Moderatorzy: Estraven, Moderatorzy

Post » Śro wrz 18, 2013 11:11 Re: Zbieraj znaczki nie koty! O kolekcjonerstwie III

czarnykapturek pisze:(...)
w moim swiecie marzen, chcialabym zeby powstalo prawo, ktore jasno okresla role i liczbe zwierzat w DT, na podstawie naukowych badan, czyli czy naprawde te 20 kotow w kawalerce jest do przejscia, czy nie, a takze fajnie by bylo, gdyby byla organizacja, ktora zajmowalaby sie tylko i wylacznie kontrola DT, i w razie czego dzialala sprawnie.

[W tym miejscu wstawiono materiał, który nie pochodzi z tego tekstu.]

(* Let $w_1,w_2\ge2$ be even. The map $\psi:V_{w_1,w_2}^{\mathbb Q}[I_D]\to W_{w_1+w_2}^{\mathbb Q}$, $P(X_1,X_2)\mapsto P(Z,Z)$, is well defined and surjective, and it admits a rational section: if $P(Z)=\sum_{m=0}^{w_1+w_2}\binom{w_1+w_2}{m}a_m(-Z)^{w_1+w_2-m}\in W_{w_1+w_2}^{\mathbb Q}$, then $Q(X_1,X_2)=\sum_{m_1=0}^{w_1}\sum_{m_2=0}^{w_2}\binom{w_1}{m_1}\binom{w_2}{m_2}a_{m_1+m_2}(-X_1)^{w_1-m_1}(-X_2)^{w_2-m_2}$ lies in $V_{w_1,w_2}^{\mathbb Q}[I_D]$ and satisfies $Q(Z,Z)=P(Z)$.
   Context: $\Gamma=PSL_2(\mathbb Z)$, $S=\pm\begin{pmatrix}0&-1\\1&0\end{pmatrix}$, $U=\pm\begin{pmatrix}0&1\\-1&1\end{pmatrix}$. For even $w$, $V_w^{\mathbb Q}$ is the space of rational polynomials of degree $\le w$ with action $\gamma.P(X)=(-cX+a)^wP\big(\frac{dX-b}{-cX+a}\big)$ for $\gamma=\pm\begin{pmatrix}a&b\\c&d\end{pmatrix}$; $W_w^{\mathbb Q}=\{P\in V_w^{\mathbb Q}:(1+S).P=(1+U+U^2).P=0\}$. $V_{w_1,w_2}^{\mathbb Q}$ is the space of rational polynomials in $X_1,X_2$ with $\deg_{X_j}\le w_j$, with action $(\gamma_1,\gamma_2).P(X_1,X_2)=(-c_1X_1+a_1)^{w_1}(-c_2X_2+a_2)^{w_2}P\big(\frac{d_1X_1-b_1}{-c_1X_1+a_1},\frac{d_2X_2-b_2}{-c_2X_2+a_2}\big)$, extended linearly to $\mathbb Z[\Gamma^2]$; $V_{w_1,w_2}^{\mathbb Q}[I_D]=\{P\in V_{w_1,w_2}^{\mathbb Q}:[(1,1)+(S,S)].P=[(1,1)+(U,U)+(U^2,U^2)].P=0\}$. *)

From HB Require Import structures.
From mathcomp Require Import all_boot all_order all_algebra.
Set Implicit Arguments. Unset Strict Implicit. Unset Printing Implicit Defensive.
Import Order.TTheory GRing.Theory Num.Theory.
Local Open Scope ring_scope.

(* Elements of PSL_2(Z) are represented by integer 2x2 matrices
   g = [[a, b], [c, d]] (the sign ambiguity is irrelevant: w is even). *)
Definition mS : 'M[int]_2 := \matrix_(i < 2, j < 2)
  (if (i == 0) && (j == 1) then -1 else if (i == 1) && (j == 0) then 1 else 0).
Definition mU : 'M[int]_2 := \matrix_(i < 2, j < 2)
  (if (i == 0) && (j == 1) then 1 else if (i == 1) && (j == 0) then -1
   else if (i == 1) && (j == 1) then 1 else 0).
Definition mU2 : 'M[int]_2 := mU *m mU.

Definition ga (g : 'M[int]_2) : int := g 0 0.
Definition gb (g : 'M[int]_2) : int := g 0 1.
Definition gc (g : 'M[int]_2) : int := g 1 0.
Definition gd (g : 'M[int]_2) : int := g 1 1.

(* (-cX+a)^w * ((dX-b)/(-cX+a))^i = (dX - b)^i (-cX + a)^(w-i), in R[X] *)
Definition mono {R : comNzRingType} (g : 'M[int]_2) (w i : nat) : {poly R} :=
  ((gd g)%:~R *: 'X - ((gb g)%:~R)%:P) ^+ i *
  (- ((gc g)%:~R *: 'X) + ((ga g)%:~R)%:P) ^+ (w - i).

Definition act {R : comNzRingType} (w : nat) (g : 'M[int]_2) (p : {poly R}) : {poly R} :=
  \sum_(i < w.+1) p`_i *: mono g w i.

Definition inV (w : nat) (p : {poly rat}) : bool := (size p <= w.+1)%N.

Definition inW (w : nat) (p : {poly rat}) : Prop :=
  inV w p /\ p + act w mS p = 0 /\ p + act w mU p + act w mU2 p = 0.

(* Bivariate polynomials P(X1,X2) are {poly {poly rat}}: outer variable X1,
   inner variable X2. *)
Definition inV2 (w1 w2 : nat) (P : {poly {poly rat}}) : bool :=
  (size P <= w1.+1)%N && [forall i : 'I_w1.+1, (size (P`_i)%R <= w2.+1)%N].

Definition act2 (w1 w2 : nat) (g1 g2 : 'M[int]_2) (P : {poly {poly rat}})
  : {poly {poly rat}} :=
  \sum_(i < w1.+1) act w2 g2 P`_i *: mono g1 w1 i.

Definition inVID (w1 w2 : nat) (P : {poly {poly rat}}) : Prop :=
  inV2 w1 w2 P /\ P + act2 w1 w2 mS mS P = 0 /\
  P + act2 w1 w2 mU mU P + act2 w1 w2 mU2 mU2 P = 0.

Definition diag (P : {poly {poly rat}}) : {poly rat} := P.['X].

Definition section (w1 w2 : nat) (a : nat -> rat) : {poly {poly rat}} :=
  \sum_(m1 < w1.+1) \sum_(m2 < w2.+1)
    ((((('C(w1, m1) * 'C(w2, m2))%:R * a (m1 + m2)%N) : rat)%:P)%:P *
      ((- 'X) ^+ (w1 - m1) * ((- 'X : {poly rat}) ^+ (w2 - m2))%:P)).

From HB Require Import structures.
From mathcomp Require Import all_boot all_order all_algebra.
From mathcomp Require Import ring zify.
Set Implicit Arguments. Unset Strict Implicit. Unset Printing Implicit Defensive.
Import Order.TTheory GRing.Theory Num.Theory.
Local Open Scope ring_scope.

(* Work over R = Q[Y] and consider the generating polynomials (u - vX)^w and
   (u - vX1)^w1 (u - vX2)^w2 with u, v in R.  The weight-w action of g sends
   (u - vX)^w to (u' - v'X)^w with (u', v') = g (u, v), and likewise for the
   product.  The umbral functional L : Y^m |-> a_m maps (Y - X)^w to p and
   (Y - X1)^w1 (Y - X2)^w2 to the section Q.  The coefficient of X1^k1 X2^k2
   in the product is C(w1,k1) C(w2,k2) / C(w,k1+k2) times the coefficient of
   X^(k1+k2) in the full power, for every (u, v); hence applying L to any
   linear relation among the actions on (Y - X)^w gives the same relation for
   Q, and the cocycle relations for p transfer to Q.  The converse direction
   is a direct computation: restricting to the diagonal commutes with the
   action. *)

Section Action.
Variable R : comNzRingType.

Lemma act_is_linear w g : linear (@act R w g).
Proof.
move=> c p q; rewrite /act scaler_sumr -big_split /=; apply: eq_bigr => i _.
by rewrite coefD coefZ scalerDl scalerA.
Qed.
HB.instance Definition _ w g :=
  GRing.isLinear.Build R {poly R} {poly R} *:%R (@act R w g) (act_is_linear w g).

Lemma map_mono (S : comNzRingType) (f : {rmorphism R -> S}) g w i :
  map_poly f (mono g w i) = mono g w i.
Proof.
by rewrite /mono rmorphM !rmorphXn !rmorphD !rmorphN /= !map_polyZ map_polyX !rmorph_int.
Qed.

Lemma map_act (S : comNzRingType) (f : {rmorphism R -> S}) g w p :
  map_poly f (act w g p) = act w g (map_poly f p).
Proof.
rewrite /act rmorph_sum; apply: eq_bigr => i _ /=.
by rewrite map_polyZ map_mono coef_map.
Qed.

Lemma act_Xn w g k : (k <= w)%N -> act w g 'X^k = mono g w k :> {poly R}.
Proof.
move=> kw; rewrite /act (bigD1 (Ordinal (kw : k < w.+1)%N)) //= coefXn eqxx scale1r.
rewrite big1 ?addr0 // => i /negbTE; rewrite coefXn.
by rewrite -val_eqE /= => ->; rewrite scale0r.
Qed.

Lemma horner_polyC_X (q : {poly R}) : (map_poly polyC q).['X] = q.
Proof. exact: comp_polyXr. Qed.

Definition act2_ring w1 w2 (g1 g2 : 'M[int]_2) (P : {poly {poly R}})
  : {poly {poly R}} := \sum_(i < w1.+1) act w2 g2 P`_i *: mono g1 w1 i.

Lemma act2_ring_split w1 w2 g (Q H : {poly R}) :
  act2_ring w1 w2 g g (map_poly polyC Q * H%:P) =
  map_poly polyC (act w1 g Q) * (act w2 g H)%:P.
Proof.
rewrite map_act /act2_ring [act w1 g _]/act mulr_suml; apply: eq_bigr => i _.
rewrite coefMC coef_map /= mul_polyC linearZ /=.
by rewrite -!mul_polyC polyCM mulrAC.
Qed.

Definition linpow n (u v : R) : {poly R} := (u%:P - v *: 'X) ^+ n.

Lemma coef_linpow n (u v : R) k :
  (linpow n u v)`_k =
  if (k <= n)%N then (u ^+ (n - k) * (- v) ^+ k) *+ 'C(n, k) else 0.
Proof.
have -> : linpow n u v = \poly_(i < n.+1) ((u ^+ (n - i) * (- v) ^+ i) *+ 'C(n, i)).
  rewrite poly_def /linpow exprDn; apply: eq_bigr => i _.
  by rewrite -scaleNr exprZn -rmorphXn /= mul_polyC scalerA scalerMnl.
by rewrite coef_poly ltnS.
Qed.
Lemma eform_Upart : eform 1 (Upart w Li) (Upart w Lj) = eform 1 (ad Li) (ad Lj).
Proof.
have deg0 m : -1 <= m <= 1 -> nform (lp (Upart w Li) m) (lp (Upart w Lj) (- m)) =
                              nform (lp (ad Li) m) (lp (ad Lj) (- m)).
  move=> hm; congr (_ * _); apply: mxtrace_mul_deg0 => a c.
  - by apply: lp_Upart => //; lia.
  - by apply: lp_Upart => //; lia.
  - exact: ad_deg_lt.
  - exact: ad_deg_lt.
by rewrite !eform1_dcE ?dc_Upart // -[1]opprK !deg0.
Qed.

Lemma eform_Sato (dw : int -> 'M[R]_8) : deg_lt 0 dw ->
  dlogW w dw = eadd (posproj (AdW w 1 Li)) (eopp (AdW w 1 Li)) ->
  eform 1 (Elt dw 0 0) Lj = - (eform 1 (ad Li) Lj + halfR R * eform 1 (ad (ad Li)) Lj).
Proof.
move=> dw_neg Sato; rewrite -eformZl -eformDl -eformNl.
rewrite (@eform1_homog1_supp _ _ (dlogW w dw)) // => [|p a c _ hs]; last first.
  by rewrite dlogW_lpE.
rewrite Sato; apply: eform1_homog1_supp => // p a c hp hs.
by rewrite Sato_rhs_lpE //; [rewrite !mxE | lia].
Qed.

End TwoHomogeneous.
End Pairings.

Section RingMorphism.
Variables (R R' : comUnitRingType) (f : {rmorphism R -> R'}).

Lemma homog_emap k X : homog k X -> homog k (emap f X).
Proof.
case=> degX kcX dcX; split; rewrite /= ?kcX ?dcX ?rmorph0 //.
by move=> p a b hs; rewrite mxE degX ?rmorph0.
Qed.

Lemma map_mcom (x y : 'M[R]_8) : map_mx f (mcom x y) = mcom (map_mx f x) (map_mx f y).
Proof. by rewrite /mcom map_mxB !map_mxM. Qed.

Lemma lp_ebr_emap N X Y p :
  lp (ebr N (emap f X) (emap f Y)) p = map_mx f (lp (ebr N X Y) p).
Proof.
rewrite /= map_mxB map_mxD !map_mxZ !rmorphM !rmorph_int /zsum raddf_sum.
by congr (_ + _ - _); apply: eq_bigr => i _; symmetry; apply: map_mcom.
Qed.

Lemma map_hs_mx : map_mx f hs_mx = hs_mx.
Proof. by apply/matrixP => a b; rewrite !mxE rmorphMn rmorph_int. Qed.

End RingMorphism.

Section Derivation.
Variables (C : fieldType) (S : comUnitAlgType C) (d : S -> S).
Hypothesis d_der : is_derivation d.
Hypothesis two_neq0 : (2%:R : C) != 0.

Lemma derD x y : d (x + y) = d x + d y. Proof. by case: d_der. Qed.

Lemma der0 : d 0 = 0.
Proof. by apply: (@addrI _ (d 0)); rewrite -derD !addr0. Qed.

Lemma derN x : d (- x) = - d x.
Proof. by apply: (@addrI _ (d x)); rewrite -derD !subrr der0. Qed.

Lemma der_sum I r (P : pred I) (F : I -> S) :
  d (\sum_(i <- r | P i) F i) = \sum_(i <- r | P i) d (F i).
Proof. exact: (big_morph d derD der0). Qed.

Lemma derMl_alg (c : C) x : d (c%:A * x) = c%:A * d x.
Proof. by case: d_der => _ [derZ _]; rewrite !mulr_algl derZ. Qed.

Lemma derMr_alg (c : C) x : d (x * c%:A) = d x * c%:A.
Proof. by rewrite ![_ * c%:A]mulrC derMl_alg. Qed.

Lemma halfR_alg : halfR S = (halfR C)%:A.
Proof. by rewrite /halfR -(rmorph_nat (in_alg S)) -rmorphV // unitfE. Qed.

Lemma der_nform_mapl (A : 'M[C]_8) (M : 'M[S]_8) :
  d (nform (map_mx (in_alg S) A) M) = nform (map_mx (in_alg S) A) (map_mx d M).
Proof.
rewrite /nform halfR_alg derMl_alg !mxtrace_mulE der_sum; congr (_ * _).
by apply: eq_bigr => a _; rewrite der_sum; apply: eq_bigr => c _; rewrite !mxE derMl_alg.
Qed.

Lemma der_nform_mapr (M : 'M[S]_8) (A : 'M[C]_8) :
  d (nform M (map_mx (in_alg S) A)) = nform (map_mx d M) (map_mx (in_alg S) A).
Proof.
rewrite /nform halfR_alg derMl_alg !mxtrace_mulE der_sum; congr (_ * _).
by apply: eq_bigr => a _; rewrite der_sum; apply: eq_bigr => c _; rewrite !mxE derMr_alg.
Qed.

Lemma der_eform_d_s (Y : elt S) : eform 0 (d_s S) (emap d Y) = d (eform 0 (d_s S) Y).
Proof.
rewrite !eform_d_s -(map_hs_mx (in_alg S)) derD der_nform_mapl.
by rewrite -(rmorph_nat (in_alg S)) derMl_alg.
Qed.

Lemma der_eform_loop_alg N (g : int -> 'M[S]_8) (Y : elt C) :
  d (eform N (Elt g 0 0) (emap (in_alg S) Y)) =
  eform N (Elt (fun p => map_mx d (g p)) 0 0) (emap (in_alg S) Y).
Proof.
rewrite /eform /= !mul0r !addr0 /zsum der_sum.
by apply: eq_bigr => k _; rewrite der_nform_mapr.
Qed.

End Derivation.

Theorem lemma2p1 (R0 : realType) (S : comUnitAlgType R0[i])
  (dt : nat -> 'I_2 -> S -> S)
  (Hder : forall n i, is_derivation (dt n i))
  (Hcomm : forall n i m j x, dt n i (dt m j x) = dt m j (dt n i x))
  (Lam : nat -> 'I_2 -> elt R0[i])
  (HL0 : Lam 0%N 0 = Lam11 R0[i] /\ Lam 0%N 1 = Lam12 R0[i])
  (HLso : forall n i p, so8 (lp (Lam n i) p))
  (HLdeg : forall n i, (forall p a b, sdeg p a b != (2 * n + 1)%N%:Z ->
                                      lp (Lam n i) p a b = 0)
                       /\ kc (Lam n i) = 0 /\ dc (Lam n i) = 0)
  (HLs : forall n i, exists c, ebr 1 (Lam11 R0[i]) (Lam n i) = escale c (eK R0[i]))
  (HLcomm : forall n m i j, ebr (Posz n + 1) (Lam n i) (Lam m j) = ezero R0[i])
  (w : int -> 'M[S]_8)
  (Hw : in_gneg w) :
  let LamS n i := emap (in_alg S) (Lam n i) in
  let B n i := posproj (AdW w (Posz n + 1) (LamS n i)) in
  (forall n i,
     dlogW w (fun p => map_mx (dt n i) (w p)) =
     eadd (B n i) (eopp (AdW w (Posz n + 1) (LamS n i)))) ->
  let U i := eadd (B 0%N i) (eopp (LamS 0%N i)) in
  forall i j : 'I_2,
    eform 0 (@d_s S) (emap (dt 0%N i) (U j)) + @halfR S * eform 1 (U i) (U j) = 0.
Proof.
move=> LamS B Sato U i j.
have two_neq0 : (2%:R : R0[i]) != 0 by rewrite pnatr_eq0.
have w_neg : deg_lt 0 w := Hw.2.
have homL k : homog 1 (LamS 0%N k).
  by have [degL [kcL dcL]] := HLdeg 0%N k; apply: homog_emap; split.
have comm p : lp (ebr 1 (LamS 0%N i) (LamS 0%N j)) p = 0.
  by rewrite lp_ebr_emap (HLcomm 0%N 0%N i j) map_mx0.
have der := Hder 0%N i.
have dw_neg : deg_lt 0 (fun p => map_mx (dt 0%N i) (w p)).
  by move=> p a b hs; rewrite mxE w_neg ?(der0 der).
have -> : U i = Upart w (LamS 0%N i) by [].
have -> : U j = Upart w (LamS 0%N j) by [].
rewrite (der_eform_d_s der two_neq0) (eform_Upart_d_s w_neg (homL j)) (derN der).
rewrite (der_eform_loop_alg der two_neq0 1 w (Lam 0%N j)).
rewrite (eform_Sato w_neg (homL i) (homL j) dw_neg (Sato 0%N i)).
rewrite (eform_ad_homog1 w (homL i) (homL j) comm) (eform_ad2_homog1 w _ (homL j)).
by rewrite (eform_Upart w_neg (homL i) (homL j)) opprK add0r mulrN addNr.
Qed.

czy nie byłoby prościej, żeby taka organizacja zajmowała się kotami i pomocą kotom zamiast kontrolą DT
może jeszcze by wymierzała kary administracyjne zgodnie z KPA? i to byłaby jej rola :? bo w DT nie ma miłości albo czegoś tam jeszcze

Gdyby była organizacja. która pomaga autentycznie (ale nie na niby) to wtedy tak i wtedy jest umowa cywilna, która określa co daje organizacja co daje DT
bo przecież DT -to jednak wolontariat, a nie działalność gospodarcza; nie ma dochodu

i zamiast naukowych badań i organizacji karnych -lepiej żeby raczej może powstały państwowe rozwiązania sprawy umierających na ulicach kotów
-bo obecnie moja córka przynosi mi do domu w mróz chorego kota ( z zapaleniem krtani, kk i czymś tam jeszcze) i w sumie to powinnam jej powiedzieć,żeby go odniosła a z powrotem - trzeba uczyć dzieci realizmu; tym bardziej że na dworze on ma większą powierzchnie przecież niż w DT; no i może ktoś inny go weźmie do domu

a kawalerka dla was to jaka powierzchnia? bo ja widziałam i 12 metrowe kawalerki ( w Warszawie podobno budują juz takie 8-10 metrów 2) i widziałam kawalerki -prawie 50 m2 (pokój z kuchnią -ale w starym, poniemieckim budownictwie)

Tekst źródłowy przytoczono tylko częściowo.